I hope that isnt true! I have 4 scoops daily in 2 shakes. That's 20 grams of protein a scoop. Who wouldve thought protein to be dangerous?


----------



## vegman (May 26, 2005)

Oh please.... Doctors only speculate


----------



## reg56 (May 26, 2005)

When I die from whey, I'll let you know.


----------



## vegman (May 26, 2005)

Whey is the leading cause of death in America


----------



## Todd_ (May 26, 2005)

drink lots of water and continue to use your whey

In a perfect world though, Id not want to have to resort to supplementing my protein


----------



## Arnold (May 26, 2005)

Nyisles2004 said:
			
		

> I got a physical yesterday, and my physician advised me to stop taking whey protein, he added that studys have yet to conclude whether it could lead to kidney or other organ damage. He said its not a good idea to put something into your body at such a high concentration. Its hard for me to ignore what the doctor said, but do you guys think he is way off base??



Just remember medical doctors are not nutritonists and most of them only know what they learned in their one semester nutrition course in med school.


----------



## LAM (May 26, 2005)

Nyisles2004 said:
			
		

> I got a physical yesterday, and my physician advised me to stop taking whey protein, he added that studys have yet to conclude whether it could lead to kidney or other organ damage. He said its not a good idea to put something into your body at such a high concentration. Its hard for me to ignore what the doctor said, but do you guys think he is way off base??



your physician is an idiot..whey protein has been used by bodybuilders for over 50 years. with no evidence at all that what conclude that it is in any way harmfull.  

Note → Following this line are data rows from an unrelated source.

Lemma det3_bcv_metric (a b : R) (p : pt) : lam a p <> 0 ->
  det3 (bcv_metric a b p) = 1 / lam a p ^ 4.
Proof. intros HL. unfold det3, sum3, cof3, bcv_metric; simpl. field. exact HL. Qed.

Lemma bcv_inv_tabE (a b : R) (p : pt) (k l : idx) : lam a p <> 0 ->
  bcv_inv a b p k l = metric_inv_tab a b p k l.
Proof.
  intros HL. unfold bcv_inv, inv3. rewrite det3_bcv_metric by exact HL.
  destruct k, l; unfold cof3, bcv_metric, metric_inv_tab; simpl; field; exact HL.
Qed.

Lemma Gamma_tabE (a b : R) (p : pt) (k i j : idx) : lam a p <> 0 ->
  Gamma a b p k i j = Gamma_tab a b p k i j.
Proof.
  intros HL. unfold Gamma, sum3. rewrite !partial_bcv_metric, !bcv_inv_tabE by exact HL.
  destruct k, i, j; unfold metric_inv_tab, dmetric_tab, Gamma_tab; simpl; field; exact HL.
Qed.

Lemma lam_pos_near (a : R) (p : pt) (i : idx) : 0 < lam a p ->
  locally (p i) (fun t => 0 < lam a (upd p i t)).
Proof.
  intros H. apply (locally_pos (fun t => lam a (upd p i t))).
  - apply (ex_derive_continuous (K := R_AbsRing) (V := R_NormedModule)).
    destruct i; unfold lam, upd; simpl; auto_derive; exact I.
  - destruct i; exact H.
Qed.

Lemma partial_Gamma (a b : R) (p : pt) (i l j k : idx) : 0 < lam a p ->
  partial (fun q => Gamma a b q l j k) i p = dGamma_tab a b p i l j k.
Proof.
  intros HL. unfold partial.
  rewrite (Derive_ext_loc _ (fun t => Gamma_tab a b (upd p i t) l j k)).
  2: { generalize (lam_pos_near a p i HL). apply filter_imp. intros t Ht.
       apply Gamma_tabE. lra. }
  assert (HL' : lam a p <> 0) by lra. clear HL.
  destruct i, l, j, k; unfold Gamma_tab, dGamma_tab, upd, lam; simpl;
  apply is_derive_unique; auto_derive;
  repeat split; try exact I; try lam_expr_neq0 HL'; try reflexivity;
  unfold lam in *; field; repeat split; lam_expr_neq0 HL'.
Qed.

(* [bcv_k1] is the sectional curvature of horizontal planes and [bcv_k1 - bcv_k2 = b^2/4]
   that of vertical ones, so [bcv_k2 <> 0] says that M(a,b) is not a space form. *)
Definition bcv_k1 (a b : R) : R := 4 * a - 3 / 4 * b ^ 2.
Definition bcv_k2 (a b : R) : R := 4 * a - b ^ 2.

Definition kron (l i : idx) : R := if idx_eqb l i then 1 else 0.

Definition Riem_closed (a b : R) (p : pt) (l i j k : idx) : R :=
  let g := bcv_metric a b p in
  bcv_k1 a b * (g j k * kron l i - g i k * kron l j)
  + bcv_k2 a b * (g i I2 * g k I2 * kron l j - g j I2 * g k I2 * kron l i
                  + g i k * g j I2 * kron l I2 - g j k * g i I2 * kron l I2).

Lemma Riem_closedE (a b : R) (p : pt) (l i j k : idx) : 0 < lam a p ->
  Riem a b p l i j k = Riem_closed a b p l i j k.
Proof.
  intros HL. unfold Riem. rewrite !partial_Gamma by exact HL.
  assert (HL' : lam a p <> 0) by lra. clear HL.
  unfold sum3. rewrite !Gamma_tabE by exact HL'.
  destruct l, i, j, k;
    unfold Riem_closed, bcv_k1, bcv_k2, dGamma_tab, Gamma_tab, kron, bcv_metric; simpl;
    unfold lam in *; field; exact HL'.
Qed.

Definition xi : pt := fun j => match j with I2 => 1 | _ => 0 end.

Lemma Rop_bcv (a b : R) (p X Y Z : pt) (l : idx) : 0 < lam a p ->
  Rop a b p X Y Z l =
  (bcv_k1 a b * inner a b p Y Z - bcv_k2 a b * inner a b p Y xi * inner a b p Z xi) * X l
  + (bcv_k2 a b * inner a b p X xi * inner a b p Z xi - bcv_k1 a b * inner a b p X Z) * Y l
  + bcv_k2 a b * (inner a b p X Z * inner a b p Y xi - inner a b p Y Z * inner a b p X xi) * xi l.
Proof.
  intros HL. unfold Rop, sum3. rewrite !Riem_closedE by exact HL.
  unfold Riem_closed, inner, sum3, kron, xi. destruct l; simpl; ring.
Qed.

I would take a guess and say that he is very old and probably doesn't think too highly of resistance training either.


----------



## maniclion (May 26, 2005)

Bomb Similac, they're killing babies!


 A doctor once told me to stop lifting heavy cause if I quit lifting my muscles would turn to fat.


----------



## seven11 (May 26, 2005)

hahahahah


----------



## XcelKrush (May 26, 2005)

Ive heard eating too much protein is hard on your kidneys, but weightlifters require more protein than your average person.  So unless your consuming much more than your daily needs, dont worry about it.


----------



## musclepump (May 26, 2005)

Tell him to fuck off. There has never been one study to show protein in a healthy individual would be harmful. These myths came about after testing high protein diets on people with already faulty kidneys.


----------



## Todd_ (May 26, 2005)

musclepump said:
			
		

> Tell him to fuck off.



thats some pretty solid advice


----------



## mervin (May 26, 2005)

When doing heavy resistance lifting your body requires more protien. The reason people have kidney problems from protein is they go on crazy protein diets to lose weight and consume *only * high protein foods. Large amounts of protein, when balanced with a good amount of carbs, fiber, viggies and water poses no medical threat.


----------



## ricky_rocket (May 27, 2005)

Nyisles2004 said:
			
		

> I got a physical yesterday, and my physician advised me to stop taking whey protein, he added that studys have yet to conclude whether it could lead to kidney or other organ damage. He said its not a good idea to put something into your body at such a high concentration. Its hard for me to ignore what the doctor said, but do you guys think he is way off base??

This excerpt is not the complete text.